- Theatrical release poster
- Directed by: Vincent Perez
- Screenplay by: Karine Silla; Vincent Perez; Jérôme Tonnerre;
- Dialogue by: Karine Silla
- Produced by: Virginie Silla
- Starring: Morgane Moré; Guillaume Depardieu; Magali Woch; Karine Silla; Hélène de Saint-Père; Stéphane Boucher; Michel Vuillermoz; Esse Lawson; Maryline Even;
- Cinematography: Philippe Pavans de Ceccatty
- Edited by: Laurence Briaud
- Music by: Replicant
- Production companies: EuropaCorp; Buffalo Films; TF1 Films Production;
- Distributed by: EuropaCorp
- Release dates: 24 August 2002 (Montreal); 9 October 2002 (France);
- Running time: 85 minutes
- Country: France
- Language: French
- Budget: €4.3 million

= Once Upon an Angel =

Once Upon an Angel (French: Peau d'ange, lit. 'Angel Skin') is a 2002 French romantic drama film directed by Vincent Perez, starring Morgane Moré and Guillaume Depardieu.

==Plot==
Grégoire reluctantly returns to the countryside in order to oversee his mother's funeral. Being back in the small town where he was raised upsets him, as he is not ready yet to accept the fact his mother died. While looking for some comfort and solace, he meets a maid named Angèle. He manages to impress her by making up he was an important manager, although he only has a minor position in a cosmetics company. After they have spent the night in a hotel, he just leaves her but she cannot forget him, in particular because he was her first lover at all. Subsequently, she follows him and even manages to get hired as the maid of one of his colleagues. However, she then has to realise that Grégoire is about to become the son-in-law of his boss.
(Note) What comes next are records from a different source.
(* Let $\mathbf{F}$ be a finite field with $q$ elements, $k$ a field in which $q$ is nonzero, and $0\le r\le n$. An element $u\in\mathfrak{a}_{n,r}$ is the unit (two-sided identity element) of $\mathfrak{a}_{n,r}$ if and only if both of the following hold: (a) $[g^{-1}]\,u\,[g]=u$ in $k[\mathfrak{M}_n]$ for every $g\in\mathbf{GL}_n(\mathbf{F})$; (b) $u\cdot[e_{n,r}]=[e_{n,r}]$, where $e_{n,r}=\begin{pmatrix}I_r&\\&0_{n-r}\end{pmatrix}$.
   Context: $\mathfrak{M}_n$ is the monoid of $n\times n$ matrices over $\mathbf{F}$; $k[\mathfrak{M}_n]$ its monoid algebra with basis $[m]$. $\mathfrak{a}_{n,r}$ is the two-sided ideal spanned by $[m]$ with $\operatorname{rank}m\le r$. *)

From HB Require Import structures.
From mathcomp Require Import all_boot all_order all_algebra all_field.
Set Implicit Arguments. Unset Strict Implicit. Unset Printing Implicit Defensive.
Import GRing.Theory.
Local Open Scope ring_scope.

(* The monoid algebra k[M_n(F)]: elements are finitely supported (here: all,
   since M_n(F) is finite) functions M_n(F) -> k; [m] is the indicator of m. *)
Definition malg (F : finFieldType) (n : nat) (k : fieldType) :=
  {ffun 'M[F]_n -> k}.

Definition mbasis (F : finFieldType) (n : nat) (k : fieldType) (m : 'M[F]_n)
  : malg F n k := [ffun x => (x == m)%:R].

Definition mmul (F : finFieldType) (n : nat) (k : fieldType) (a b : malg F n k)
  : malg F n k :=
  [ffun m => \sum_(x : 'M[F]_n) \sum_(y : 'M[F]_n | x *m y == m) a x * b y].

(* membership in the ideal a_{n,r}: spanned by [m] with rank m <= r *)
Definition in_arn (F : finFieldType) (n : nat) (k : fieldType) (r : nat)
  (a : malg F n k) : Prop :=
  forall m : 'M[F]_n, (r < \rank m)%N -> a m = 0.

Definition is_unit_of_arn (F : finFieldType) (n : nat) (k : fieldType) (r : nat)
  (u : malg F n k) : Prop :=
  forall x : malg F n k, in_arn r x -> mmul u x = x /\ mmul x u = x.

Definition e_nr (F : finFieldType) (n r : nat) : 'M[F]_n := pid_mx r.

From mathcomp Require Import all_boot all_order all_algebra all_field.
From mathcomp Require Import ring.
Set Implicit Arguments. Unset Strict Implicit. Unset Printing Implicit Defensive.
Import GRing.Theory.
Local Open Scope ring_scope.

(* Conjugation by an invertible [g] is an automorphism of k[M_n] preserving
   a_{n,r}, so it maps the unit of a_{n,r} to a unit, which must be the same one.
   Conversely, invariance under conjugation means that [u] commutes with every
   [[g]]; since every [m] of rank at most [r] factors as [g *m e_{n,r} *m h] with
   [g] invertible, [u [m] = [g] u [e_{n,r}] [h] = [m]], so [u] is a left unit of
   a_{n,r}.  Transposition is an anti-automorphism preserving a_{n,r}, so the
   transpose of [u] is a right unit, and therefore equal to [u]. *)

Section IndicatorSums.
Variables (R : comPzRingType) (T : finType).

Lemma sum_indicator_mull (G : T -> R) (t : T) : \sum_z (z == t)%:R * G z = G t.
Proof.
rewrite (bigD1 t) //= eqxx mul1r big1 ?addr0 // => z /negbTE ->.
by rewrite mul0r.
Qed.

Lemma sum_fiber_mulr (I J : finType) (G : T -> R) (g : I -> J -> T) (f : I -> J -> R) :
  \sum_z G z * (\sum_i \sum_j (g i j == z)%:R * f i j) = \sum_i \sum_j G (g i j) * f i j.
Proof.
under eq_bigr do rewrite mulr_sumr; rewrite exchange_big; apply: eq_bigr => i _.
under eq_bigr do rewrite mulr_sumr; rewrite exchange_big; apply: eq_bigr => j _.
rewrite -(sum_indicator_mull (fun z => G z * f i j) (g i j)).
by apply: eq_bigr => z _; rewrite eq_sym; ring.
Qed.

End IndicatorSums.

Section MonoidAlgebra.
Variables (F : finFieldType) (k : fieldType) (n : nat).
Local Notation M := ('M[F]_n).
Local Notation A := (malg F n k).
Local Notation mb := (@mbasis F n k).

Lemma mmulE (a b : A) m :
  mmul a b m = \sum_(x : M) \sum_(y : M) (x *m y == m)%:R * (a x * b y).
Proof.
rewrite ffunE; apply: eq_bigr => x _; rewrite big_mkcond; apply: eq_bigr => y _.
by case: eqP; rewrite ?mul1r ?mul0r.
Qed.

Lemma mmulA (a b c : A) : mmul (mmul a b) c = mmul a (mmul b c).
Proof.
apply/ffunP => m; rewrite !mmulE exchange_big /=.
under eq_bigr => w _.
  under eq_bigr => z _ do rewrite (mulrC (mmul a b z)) mulrA mmulE.
  rewrite (sum_fiber_mulr (fun z => (z *m w == m)%:R * c w)); over.
under [RHS]eq_bigr => x _.
  under eq_bigr => v _ do rewrite mulrA mmulE.
  rewrite (sum_fiber_mulr (fun v => (x *m v == m)%:R * a x)); over.
rewrite exchange_big; apply: eq_bigr => x _; rewrite exchange_big.
by do 2!apply: eq_bigr => ? _; rewrite mulmxA; ring.
Qed.

Lemma mmul_mbasisl (g : M) (a : A) m :
  mmul (mb g) a m = \sum_(y : M) (g *m y == m)%:R * a y.
Proof.
rewrite mmulE -(sum_indicator_mull (fun x => \sum_y (x *m y == m)%:R * a y) g).
by apply: eq_bigr => x _; rewrite mulr_sumr; apply: eq_bigr => y _; rewrite ffunE; ring.
Qed.

Lemma mmul_mbasisr (a : A) (g : M) m :
  mmul a (mb g) m = \sum_(x : M) (x *m g == m)%:R * a x.
Proof.
rewrite mmulE; apply: eq_bigr => x _.
rewrite -(sum_indicator_mull (fun y => (x *m y == m)%:R * a x) g).
by apply: eq_bigr => y _; rewrite ffunE; ring.
Qed.

Lemma mbasisM (x y : M) : mmul (mb x) (mb y) = mb (x *m y).
Proof.
apply/ffunP => m; rewrite mmul_mbasisl [RHS]ffunE.
under eq_bigr do rewrite ffunE mulrC.
by rewrite sum_indicator_mull eq_sym.
Qed.

Lemma mmul1l (a : A) : mmul (mb 1%:M) a = a.
Proof.
apply/ffunP => m; rewrite mmul_mbasisl.
by under eq_bigr do rewrite mul1mx; rewrite sum_indicator_mull.
Qed.

Lemma mmul1r (a : A) : mmul a (mb 1%:M) = a.
Proof.
apply/ffunP => m; rewrite mmul_mbasisr.
by under eq_bigr do rewrite mulmx1; rewrite sum_indicator_mull.
Qed.

Lemma mmul_sum_mbasisr (a b : A) m :
  mmul a b m = \sum_(y : M) b y * mmul a (mb y) m.
Proof.
rewrite mmulE exchange_big; apply: eq_bigr => y _.
by rewrite mmul_mbasisr mulr_sumr; apply: eq_bigr => x _; ring.
Qed.

Definition mconj (g : M) (a : A) : A := mmul (mmul (mb (invmx g)) a) (mb g).

Lemma mconjM (g : M) (a b : A) : g \in unitmx ->
  mconj g (mmul a b) = mmul (mconj g a) (mconj g b).
Proof.
by move=> gU; rewrite /mconj !mmulA -(mmulA (mb g)) mbasisM mulmxV // mmul1l.
Qed.

Lemma mconjK (g : M) (a : A) : g \in unitmx -> mconj g (mconj (invmx g) a) = a.
Proof.
move=> gU; rewrite /mconj invmxK -!mmulA mbasisM mulVmx // mmul1l.
by rewrite !mmulA mbasisM mulVmx // mmul1r.
Qed.

Lemma mconj_fixed_commute (g : M) (a : A) : g \in unitmx -> mconj g a = a ->
  mmul a (mb g) = mmul (mb g) a.
Proof.
move=> gU ga; rewrite -[in RHS]ga /mconj -!mmulA mbasisM mulmxV //.
by rewrite mmul1l.
Qed.

Definition malg_tr (a : A) : A := [ffun m => a m^T].

Lemma malg_trK : involutive malg_tr.
Proof. by move=> a; apply/ffunP => m; rewrite !ffunE trmxK. Qed.

Lemma malg_trM (a b : A) : malg_tr (mmul a b) = mmul (malg_tr b) (malg_tr a).
Proof.
apply/ffunP => m; rewrite ffunE !mmulE exchange_big /=.
rewrite (reindex_inj (@trmx_inj _ n n)); apply: eq_bigr => y _.
rewrite (reindex_inj (@trmx_inj _ n n)); apply: eq_bigr => x _.
by rewrite -trmx_mul (inj_eq (@trmx_inj _ n n)) !ffunE; ring.
Qed.

Section RankIdeal.
Variable r : nat.

Lemma in_arn_mmull (a b : A) : in_arn r b -> in_arn r (mmul a b).
Proof.
move=> hb m hm; rewrite mmulE big1 // => x _; rewrite big1 // => y _.
case: eqP => [xy_m|_]; last by rewrite mul0r.
by rewrite hb ?mulr0 // (leq_trans hm) // -xy_m mxrankM_maxr.
Qed.

Lemma in_arn_mmulr (a b : A) : in_arn r a -> in_arn r (mmul a b).
Proof.
move=> ha m hm; rewrite mmulE big1 // => x _; rewrite big1 // => y _.
case: eqP => [xy_m|_]; last by rewrite mul0r.
by rewrite ha ?mul0r ?mulr0 // (leq_trans hm) // -xy_m mxrankM_maxl.
Qed.

Lemma in_arn_mbasis (m : M) : (\rank m <= r)%N -> in_arn r (mb m).
Proof.
move=> hm x hx; rewrite ffunE; case: eqP => // x_m.
by move: hx; rewrite x_m ltnNge hm.
Qed.

Lemma in_arn_mconj (g : M) (a : A) : in_arn r a -> in_arn r (mconj g a).
Proof. by move=> ha; apply/in_arn_mmulr/in_arn_mmull. Qed.

Lemma in_arn_tr (a : A) : in_arn r a -> in_arn r (malg_tr a).
Proof. by move=> ha m hm; rewrite ffunE ha // mxrank_tr. Qed.

Lemma is_unit_of_arn_unique (u v : A) : in_arn r u -> in_arn r v ->
  is_unit_of_arn r u -> is_unit_of_arn r v -> u = v.
Proof. by move=> hu hv Uu Uv; rewrite -[LHS](Uv u hu).2 (Uu v hv).1. Qed.

Lemma is_unit_of_arn_mconj (g : M) (u : A) : g \in unitmx ->
  is_unit_of_arn r u -> is_unit_of_arn r (mconj g u).
Proof.
move=> gU Uu x hx; have hy := in_arn_mconj (invmx g) hx.
rewrite -(mconjK x gU) -!mconjM //.
by case: (Uu _ hy) => -> ->.
Qed.

Lemma left_unit_of_arn (u : A) :
  (forall m : M, (\rank m <= r)%N -> mmul u (mb m) = mb m) ->
  forall x, in_arn r x -> mmul u x = x.
Proof.
move=> u_mb x hx; apply/ffunP => m; rewrite mmul_sum_mbasisr.
rewrite -[RHS](sum_indicator_mull x m); apply: eq_bigr => y _.
have [y_le|y_gt] := leqP (\rank y) r; last by rewrite hx // !mul0r mulr0.
by rewrite u_mb // ffunE eq_sym mulrC.
Qed.

Lemma left_unit_is_unit_of_arn (u : A) : in_arn r u ->
  (forall x, in_arn r x -> mmul u x = x) -> is_unit_of_arn r u.
Proof.
move=> hu u_l.
have tu_r x : in_arn r x -> mmul x (malg_tr u) = x.
  by move=> hx; rewrite -[x in LHS]malg_trK -malg_trM u_l ?malg_trK //; apply: in_arn_tr.
have tu : malg_tr u = u by rewrite -[LHS]u_l ?tu_r //; apply: in_arn_tr.
by move=> x hx; rewrite -[in mmul x u]tu u_l ?tu_r.
Qed.

Lemma mmul_mbasis_rank_le (u : A) :
  (forall g : M, g \in unitmx -> mconj g u = u) ->
  mmul u (mb (e_nr F n r)) = mb (e_nr F n r) ->
  forall m : M, (\rank m <= r)%N -> mmul u (mb m) = mb m.
Proof.
move=> u_mconj u_e m m_le; set g := col_ebase m.
pose h : M := pid_mx (\rank m) *m row_ebase m.
have gU : g \in unitmx := col_ebase_unit m.
have -> : m = g *m (e_nr F n r *m h).
  rewrite /e_nr /h [pid_mx r *m _]mulmxA mul_pid_mx (minn_idPr m_le).
  by rewrite (minn_idPr (rank_leq_row m)) mulmxA mulmx_ebase.
rewrite -!mbasisM -mmulA mconj_fixed_commute ?u_mconj //.
by rewrite mmulA -(mmulA u) u_e.
Qed.

End RankIdeal.

End MonoidAlgebra.

Theorem lemma4p4 (F : finFieldType) (k : fieldType) (n r : nat)
  (hq : (#|F|%:R : k) != 0) (hrn : (r <= n)%N)
  (u : malg F n k) (hu : in_arn r u) :
  is_unit_of_arn r u <->
  ((forall g : 'M[F]_n, g \in unitmx ->
      mmul (mmul (mbasis k (invmx g)) u) (mbasis k g) = u) /\
   mmul u (mbasis k (e_nr F n r)) = mbasis k (e_nr F n r)).
Proof.
have e_arn : in_arn r (mbasis k (e_nr F n r)).
  by apply: in_arn_mbasis; rewrite /e_nr rank_pid_mx.
split=> [Uu | [u_mconj u_e]].
  split=> [g gU|]; last exact: (Uu _ e_arn).1.
  apply: is_unit_of_arn_unique (in_arn_mconj g hu) hu (is_unit_of_arn_mconj gU Uu) Uu.
apply: left_unit_is_unit_of_arn hu (left_unit_of_arn _).
exact: mmul_mbasis_rank_le u_mconj u_e.
Qed.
Angèle observes how he is going to marry another woman for other reasons than love.

==Cast==
- Morgane Moré as Angèle
- Guillaume Depardieu as Grégoire
- Dominique Blanc as Sister Augustine
- Karine Silla as Laure
- Magali Woch as Josiane
- Valeria Bruni-Tedeschi as Angèle's solicitor
- Olivier Gourmet as Faivre
- Marine Delterme as Faivre's wife
- Michel Vuillermoz as Grégoire's uncle
- Esse Lawson as Amira
- Hélène de Saint-Père as Ms Artaud
- Laurent Terzieff as Mr Grenier
- Maryline Even as Jocelyne
- André Marcon as Angèle's father
- Stéphane Boucher as Doctor Artaud

==Release==
Once Upon an Angel premiered at the Montreal World Film Festival on 24 August 2002, and was screened at the Festival International du Film Francophone de Namur on 28 September 2002. The film was released in France on 9 October 2002. An English subtitled direct-to-video version, including a making-of, a soundtrack, deleted scenes, a film poster and two short films, was released on 28 May 2003.

==Accolades==
At the Cabourg Film Festival 2003, Moré was awarded the Swann d'Or for Best Actress.

==Critical response==

Vincent Perez makes an interesting behind-the-camera debut with Once Upon an Angel, a smartly put together, well-cast romantic drama that just needed a little more work on the script. Tale of a simple farm girl who loses her virginity to – but not her love for – a more emotionally complex, ambitious young man doesn't add up to a great deal, but features good perfs by leads Morgane More and Guillaume Depardieu
— Derek Elley – Variety

Perez, who co-wrote the screenplay with wife, Karine Silla (Laure Grenier in the film), directs with a restraint that elegantly counterbalances the material. Although we can see the direction the film is taking, the plot devices, contrivances and import of the each scene are so understated that their impact isn't fully realised until the end-titles roll. When you reach that point, the full force of the film becomes apparent.